[Records drawn from a dataset]

(* Let $\varphi : X\to X$ be a morphism in $\mathscr{C}$ with kernel $\kappa : K\to X$ and cokernel $\lambda : X\to L$. The following are equivalent: (1) $\varphi$ is both core invertible and dual core invertible; (2) $\varphi$ is both Moore–Penrose invertible and group invertible; (3) $\varphi$ is regular and $\kappa\lambda : K\to L$, $\kappa\kappa^{*} : K\to K$ and $\lambda^{*}\lambda : L\to L$ are all invertible. In this case, for every $\psi : X\to X$ with $\varphi\psi\varphi=\varphi$, $$\varphi^{\dagger}=[1_X-\lambda(\lambda^{*}\lambda)^{-1}\lambda^{*}]\psi[1_X-\kappa^{*}(\kappa\kappa^{*})^{-1}\kappa],$$ $$\varphi^{\#}=[1_X-\lambda(\kappa\lambda)^{-1}\kappa]\psi[1_X-\lambda(\kappa\lambda)^{-1}\kappa],$$ $$\varphi^{\mathrm{core}}=[1_X-\lambda(\kappa\lambda)^{-1}\kappa]\psi[1_X-\kappa^{*}(\kappa\kappa^{*})^{-1}\kappa],$$ $$\varphi_{\mathrm{core}}=[1_X-\lambda(\lambda^{*}\lambda)^{-1}\lambda^{*}]\psi[1_X-\lambda(\kappa\lambda)^{-1}\kappa].$$
   Context: $\mathscr{C}$ is an additive category with an involution $*$: a map on morphisms sending $\varphi : X\to Y$ to $\varphi^* : Y \to X$ such that $(\varphi^* )^*=\varphi$, $(\varphi\psi)^*=\psi^*\varphi^*$ and $(\varphi+\phi)^*=\varphi^*+\phi^*$. Composition is written left to right: for $\varphi : X\to Y$ and $\psi : Y\to Z$, $\varphi\psi : X \to Z$ means ''first $\varphi$, then $\psi$''. A kernel of $\varphi : X\to Y$ is a morphism $\kappa : K\to X$ with $\kappa\varphi=0$ such that every $\alpha : M\to X$ with $\alpha\varphi=0$ factors uniquely as $\alpha=\alpha'\kappa$. A cokernel of $\varphi$ is a morphism $\lambda : Y\to L$ with $\varphi\lambda=0$ such that every $\beta : Y\to M$ with $\varphi\beta=0$ factors uniquely as $\beta=\lambda\beta'$. $\varphi$ is regular if there is $\chi$ with $\varphi\chi\varphi=\varphi$. A morphism is invertible if it has a two-sided inverse. For $\varphi : X\to X$ the following are defined. - The Moore–Penrose inverse $\varphi^\dagger$ is the unique $\chi$ with $\varphi\chi\varphi=\varphi$, $\chi\varphi\chi=\chi$, $(\varphi\chi)^*=\varphi\chi$ and $(\chi\varphi)^*=\chi\varphi$. - The group inverse $\varphi^{\#}$ is the unique $\chi$ with $\varphi\chi\varphi=\varphi$, $\chi\varphi\chi=\chi$ and $\varphi\chi=\chi\varphi$. - The core inverse $\varphi^{\mathrm{core}}$ is the unique $\chi$ with $(\varphi\chi)^*=\varphi\chi$, $\varphi\chi^2=\chi$ and $\chi\varphi^2=\varphi$. - The dual core inverse $\varphi_{\mathrm{core}}$ is the unique $\chi$ with $(\chi\varphi)^*=\chi\varphi$, $\chi^2\varphi=\chi$ and $\varphi^2\chi=\varphi$. *)

From HB Require Import structures.
From mathcomp Require Import all_boot all_algebra.
Set Implicit Arguments. Unset Strict Implicit. Unset Printing Implicit Defensive.
Import GRing.Theory.
Local Open Scope ring_scope.

(* An additive category with involution.  Composition is written left to
   right: comp f g = "first f, then g". *)
Record invAddCat := InvAddCat {
  Ob : Type;
  Mor : Ob -> Ob -> zmodType;
  comp : forall X Y Z : Ob, Mor X Y -> Mor Y Z -> Mor X Z;
  idm : forall X : Ob, Mor X X;
  star : forall X Y : Ob, Mor X Y -> Mor Y X;
  compA : forall (X Y Z W : Ob) (f : Mor X Y) (g : Mor Y Z) (h : Mor Z W),
      comp (comp f g) h = comp f (comp g h);
  comp1m : forall (X Y : Ob) (f : Mor X Y), comp (idm X) f = f;
  compm1 : forall (X Y : Ob) (f : Mor X Y), comp f (idm Y) = f;
  compDl : forall (X Y Z : Ob) (f g : Mor X Y) (h : Mor Y Z),
      comp (f + g) h = comp f h + comp g h;
  compDr : forall (X Y Z : Ob) (f : Mor X Y) (g h : Mor Y Z),
      comp f (g + h) = comp f g + comp f h;
  zero_ob : Ob;
  zero_ob_init : forall (X : Ob) (f : Mor zero_ob X), f = 0;
  zero_ob_term : forall (X : Ob) (f : Mor X zero_ob), f = 0;
  biprod : forall X Y : Ob, exists P : Ob, exists (i1 : Mor X P) (i2 : Mor Y P)
      (p1 : Mor P X) (p2 : Mor P Y),
      [/\ comp i1 p1 = idm X, comp i2 p2 = idm Y, comp i1 p2 = 0,
          comp i2 p1 = 0 & comp p1 i1 + comp p2 i2 = idm P];
  starK : forall (X Y : Ob) (f : Mor X Y), star (star f) = f;
  star_comp : forall (X Y Z : Ob) (f : Mor X Y) (g : Mor Y Z),
      star (comp f g) = comp (star g) (star f);
  starD : forall (X Y : Ob) (f g : Mor X Y), star (f + g) = star f + star g
}.

Arguments Mor : clear implicits.
Arguments Ob : clear implicits.
Arguments comp {i X Y Z}.
Arguments idm {i}.
Arguments star {i X Y}.

Declare Scope cat_scope.
Notation "f ⋅ g" := (comp f g) (at level 40, left associativity) : cat_scope.
Local Open Scope cat_scope.

Section Defs.
Variable C : invAddCat.

Definition is_kernel (K X Y : Ob C) (kap : Mor C K X) (phi : Mor C X Y) : Prop :=
  kap ⋅ phi = 0 /\
  forall (M : Ob C) (a : Mor C M X), a ⋅ phi = 0 ->
    exists! a' : Mor C M K, a = a' ⋅ kap.

Definition is_cokernel (X Y L : Ob C) (phi : Mor C X Y) (lam : Mor C Y L) : Prop :=
  phi ⋅ lam = 0 /\
  forall (M : Ob C) (b : Mor C Y M), phi ⋅ b = 0 ->
    exists! b' : Mor C L M, b = lam ⋅ b'.

Definition regular (X Y : Ob C) (phi : Mor C X Y) : Prop :=
  exists chi : Mor C Y X, phi ⋅ chi ⋅ phi = phi.

Definition is_inverse (X Y : Ob C) (f : Mor C X Y) (g : Mor C Y X) : Prop :=
  f ⋅ g = idm X /\ g ⋅ f = idm Y.

Definition invertible (X Y : Ob C) (f : Mor C X Y) : Prop :=
  exists g : Mor C Y X, is_inverse f g.

Definition is_MP (X : Ob C) (phi chi : Mor C X X) : Prop :=
  [/\ phi ⋅ chi ⋅ phi = phi, chi ⋅ phi ⋅ chi = chi,
      star (phi ⋅ chi) = phi ⋅ chi & star (chi ⋅ phi) = chi ⋅ phi].

Definition is_group_inv (X : Ob C) (phi chi : Mor C X X) : Prop :=
  [/\ phi ⋅ chi ⋅ phi = phi, chi ⋅ phi ⋅ chi = chi & phi ⋅ chi = chi ⋅ phi].

Definition is_core_inv (X : Ob C) (phi chi : Mor C X X) : Prop :=
  [/\ star (phi ⋅ chi) = phi ⋅ chi, phi ⋅ (chi ⋅ chi) = chi
    & chi ⋅ (phi ⋅ phi) = phi].

Definition is_dual_core_inv (X : Ob C) (phi chi : Mor C X X) : Prop :=
  [/\ star (chi ⋅ phi) = chi ⋅ phi, (chi ⋅ chi) ⋅ phi = chi
    & (phi ⋅ phi) ⋅ chi = phi].

Definition MP_invertible (X : Ob C) (phi : Mor C X X) := exists chi, is_MP phi chi.
Definition group_invertible (X : Ob C) (phi : Mor C X X) := exists chi, is_group_inv phi chi.
Definition core_invertible (X : Ob C) (phi : Mor C X X) := exists chi, is_core_inv phi chi.
Definition dual_core_invertible (X : Ob C) (phi : Mor C X X) :=
  exists chi, is_dual_core_inv phi chi.

End Defs.

From Pilot Require Import Defs.
From HB Require Import structures.
From mathcomp Require Import all_boot all_algebra.
Import GRing.Theory.
Local Open Scope ring_scope.
Local Open Scope cat_scope.

(* For an inner inverse [chi] of [phi], the idempotent [1 - phi chi] is killed
   by [phi] on the right, so it factors as [a kap] with [kap a = 1]; dually
   [1 - chi phi = lam b] with [b lam = 1].  If [phi chi] is self-adjoint, so is
   [a kap], and [star a a] inverts [kap star kap]; dually [b star b] inverts
   [star lam lam].  If [phi chi = chi phi], then [a kap = lam b] and [b a]
   inverts [kap lam].  Conversely, given inverses [u], [v], [w] of [kap lam],
   [kap star kap] and [star lam lam], the idempotents [E = 1 - lam u kap],
   [Q = 1 - star kap v kap] and [P = 1 - lam w star lam] fix [phi] on the
   appropriate side and annihilate [kap] or [lam] ([P] and [Q] self-adjoint).
   Since [phi psi] is the identity on morphisms annihilated by [kap], and
   [psi phi] on those annihilating [lam], [phi (A psi B) = B] and
   [(A psi B) phi = A] for suitable [A, B]; choosing [A, B] among [E, P, Q]
   yields all four inverses, each of which is unique. *)

Section AdditiveInvolution.
Context {C : invAddCat}.

Lemma compBl {X Y Z : Ob C} (f g : Mor C X Y) (h : Mor C Y Z) :
  (f - g) ⋅ h = f ⋅ h - g ⋅ h.
Proof. by apply: (addIr (g ⋅ h)); rewrite -compDl !subrK. Qed.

• **Task goal**
Task for the records above: copy every line in which the word "Arguments" occurs.

• **Response box**
Set Implicit Arguments. Unset Strict Implicit. Unset Printing Implicit Defensive.
Arguments Mor : clear implicits.
Arguments Ob : clear implicits.
Arguments comp {i X Y Z}.
Arguments idm {i}.
Arguments star {i X Y}.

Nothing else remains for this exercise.